Getting to know the data
In analytics base table the data quality reports give the in depth picture of data. The data that we will work with, we should study it in detail to get to know. We must examine the central tendency and variation to understand the type of values that each feature can take. In categorical feature, we first examine the mode, 2nd mode, mode %, and 2dn mode % in data quality report. It shows us most common levels within these features and will identify if any level dominates the dataset. The bar plot plays very vital role here. It gives quick overview of all level in the domain of each categorical feature and the frequency of these levels.
We must first examine the mean and standard deviation of each feature to get a sense of central tendency and variation of values within the dataset for the continuous feature. To understand the range that is possible for each feature we should examine the minimum and maximum values. For each continuous feature included in data quality report are very easy to understand by histogram and also how values for a feature are distributed across the range they can take. In histogram there are number of common, well understood shapes that we should look out for. These shapes are related to well-known standard probability distribution. It also recognizes that distribution of the values in an analytics base table for feature closely matches one of these standard distribution can help us when building machine learning model. We don’t need to go any further than simply recognizing that features seem to follow particular distribution, and this can be done from examining the histogram for each feature during data exploration.

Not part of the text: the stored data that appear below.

Lemma supports_prune x L K :
  supports (L ++ K) x -> supports ([seq a <- L | a \in supp x] ++ K) x.
Proof.
elim: L K => [|a L IH] K //= H.
have [ax|ax] := boolP (a \in supp x).
  have H1 : supports (L ++ a :: K) x.
    by refine (supports_sub H _) => c; rewrite /= !(mem_cat, inE) orbCA.
  by refine (supports_sub (IH _ H1) _) => c; rewrite /= !(mem_cat, inE) orbCA.
have [T [HT aT]] : exists T, supports T x /\ a \notin T.
  apply: NNPP => N; move/negP: ax; apply; apply/mem_supp => T HT.
  by apply: NNPP => aT; apply: N; exists T; split => //; apply/negP.
apply: IH; refine (supports_sub (supports_drop H HT aT) _) => c.
by rewrite mem_filter /= inE => /andP [/negbTE ->].
Qed.

Lemma supp_supports x : supports (supp x) x.
Proof.
have [S HS] := nfin x.
have := @supports_prune x S [::]; rewrite !cats0 => /(_ HS) H.
by refine (supports_sub H _) => a; rewrite mem_filter => /andP [].
Qed.

Lemma supp_act x (r : fperm) : {subset supp (nact r x) <= map (fp r) (supp x)}.
Proof. exact/supp_min/supports_act/supp_supports. Qed.

Lemma size_supp_act x (r : fperm) : size (supp x) <= size (supp (nact r x)).
Proof.
have E : nact (perm_inv r) (nact r x) = x.
  by rewrite -(nact_comp (r := perm_id)) ?nact_id // => a /=; rewrite fpK.
rewrite -[X in _ <= X](size_map (fp (perm_inv r))).
apply: uniq_leq_size; first exact: supp_uniq.
by move=> a; rewrite -{1}E; apply: supp_act.
Qed.

End LeastSupport.

Lemma supp_equivariant (X Y : nomset) (f : X -> Y) (x : X) :
  equivariant f -> {subset supp (f x) <= supp x}.
Proof. by move=> ef; apply: supp_min => p Hp; rewrite -ef (supp_supports Hp). Qed.

Lemma equivariant_fixed (X Y : nomset) (f : X -> Y) (x : X) (r : fperm) :
  equivariant f -> (forall a, a \in supp (f x) -> fp r a = a) ->
  f (nact r x) = f x.
Proof. by move=> ef Hr; rewrite ef supp_supports. Qed.

Section Pairs.
Variables X1 X2 : nomset.

Lemma supp_pair (x1 : X1) (x2 : X2) a :
  (a \in @supp (prod_nom X1 X2) (x1, x2)) = (a \in supp x1) || (a \in supp x2).
Proof.
apply/idP/idP.
  move/(@supp_min (prod_nom X1 X2) (supp x1 ++ supp x2)); rewrite mem_cat; apply.
  move=> p Hp; rewrite /= /prod_act /= !supp_supports // => c Hc;
    by apply: Hp; rewrite mem_cat Hc ?orbT.
case/orP => h; apply/mem_supp => S HS.
  apply: (@supp_min X1 S x1) h => p Hp.
  by have := HS p Hp; rewrite /= /prod_act /= => -[].
apply: (@supp_min X2 S x2) h => p Hp.
by have := HS p Hp; rewrite /= /prod_act /= => -[].
Qed.

Definition common (x1 : X1) (x2 : X2) : seq nat := [seq a <- supp x2 | a \in supp x1].

Lemma mem_common (x1 : X1) (x2 : X2) a :
  (a \in common x1 x2) = (a \in supp x1) && (a \in supp x2).
Proof. by rewrite mem_filter andbC. Qed.

Lemma common_uniq (x1 : X1) (x2 : X2) : uniq (common x1 x2).
Proof. exact/filter_uniq/supp_uniq. Qed.

Lemma size_supp_pair (x1 : X1) (x2 : X2) :
  size (@supp (prod_nom X1 X2) (x1, x2)) + size (common x1 x2) =
  size (supp x1) + size (supp x2).
Proof.
have P : perm_eq (@supp (prod_nom X1 X2) (x1, x2))
                 (supp x1 ++ [seq a <- supp x2 | a \notin supp x1]).
  apply: uniq_perm; first exact: supp_uniq.
    rewrite cat_uniq supp_uniq filter_uniq ?supp_uniq // andbT.
    by apply/hasPn => a; rewrite mem_filter => /andP [].
  by move=> a; rewrite supp_pair mem_cat mem_filter; case: (a \in supp x1).
rewrite (perm_size P) size_cat /common !size_filter -addnA.
by rewrite [count (predC _) _ + _]addnC count_predC.
Qed.

End Pairs.

Lemma freshen_list (X : nomset) (K A : seq nat) (L : seq nat) (x : X) :
  (forall c, c \in supp x -> c \notin K -> c \in A -> c \in L) ->
  exists r : fperm, (forall a, a \in K -> fp r a = a) /\
    forall c, c \in supp (nact r x) -> c \in A -> c \in K.
Proof.
elim: L x => [|a L IH] x H.
  exists perm_id; split => // c; rewrite nact_id // => Hc cA.
  by apply: contraT => cK; have := H c Hc cK cA.
have [aK|aK] := boolP (a \in K).
  apply: IH => c Hc cK cA; have := H c Hc cK cA; rewrite inE.
  by case/orP => // /eqP E; move: cK; rewrite E aK.
set b := fresh_name (a :: K ++ A ++ supp x ++ L).
have := fresh_nameP (a :: K ++ A ++ supp x ++ L).
rewrite -/b !inE !mem_cat !negb_or => /and5P [ba bK bA bx _].
have Hswap : forall c, c \in supp (nact (swap a b) x) -> c \notin K ->
    c \in A -> c \in L.
  move=> c /supp_act /mapP [s Hs ->] /=.
  have [->|sa] := eqVneq s a; first by rewrite /transp eqxx (negbTE bA).
  have [sb|sb] := eqVneq s b; first by move: Hs; rewrite sb (negbTE bx).
  rewrite transp_id // => sK sA; have := H s Hs sK sA.
  by rewrite inE (negbTE sa).
have [r [Kr Hr]] := IH _ Hswap.
exists (perm_comp r (swap a b)); split.
  move=> c cK /=; rewrite transp_id ?Kr //.
    by apply: contraNneq aK => <-.
  by apply: contraNneq bK => <-.
by move=> c; rewrite (nact_comp (p := r) (q := swap a b)) //; apply: Hr.
Qed.

Lemma freshen (X : nomset) (K A : seq nat) (x : X) :
  exists r : fperm, (forall a, a \in K -> fp r a = a) /\
    forall c, c \in supp (nact r x) -> c \in A -> c \in K.
Proof. exact: (@freshen_list X K A (supp x) x (fun c h _ _ => h)). Qed.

Following figures shows a selection of histogram shapes that exhibit characteristics commonly seen when analyzing features and that are indicative of standard, well-known probability distribution.
Above figure shows a histogram exhibiting a uniform distribution. A uniform distribution shows that a feature is equally likely to take a value in any of the ranges present. Sometime a uniform distribution is indicative of descriptive feature that contain an ID rather than a measure of something more interesting.
Above figure shape indicative of normal distribution. Features following a normal distribution are characterized by strong tendency toward a central value and symmetric variation to either side of central tendency. Histogram that follow a normal distribution can also be described as unimodal, because they have a single peak around central tendency. Finding features that exhibit a normal distribution is a good thing.
Above figures shows unimodal histogram that exhibit skew. Skew is simply tendency toward very high (right skew) or very low (left skew) value. Skewed distribution offend said to have long tails toward these very high or very low value.
Above figure shows the features following exponential distribution, the likelihood of low values occurring is very high but diminishes rapidly for higher values. Features such as the amount of money spent by the customer on one trip to the supermarket follows an exponential distribution or the number of miles that a particular car can run before its battery wears out is exponentially distributed. Recognizing that a feature follows an exponential distribution is another clear wearing sign that outliers are likely. As figure shows exponential distribution have long tail, so very high values are not uncommon.
Above figure is of multimodal distribution, a features characterized by a multimodal distribution has two or more very commonly occurring ranges of values that are clearly separated. Above figure show bi-modal distribution with two clear peaks — we may say that two normal distribution pushed together. Multimodal distribution occurs when a feature contains a measurement made across a number of distinct groups.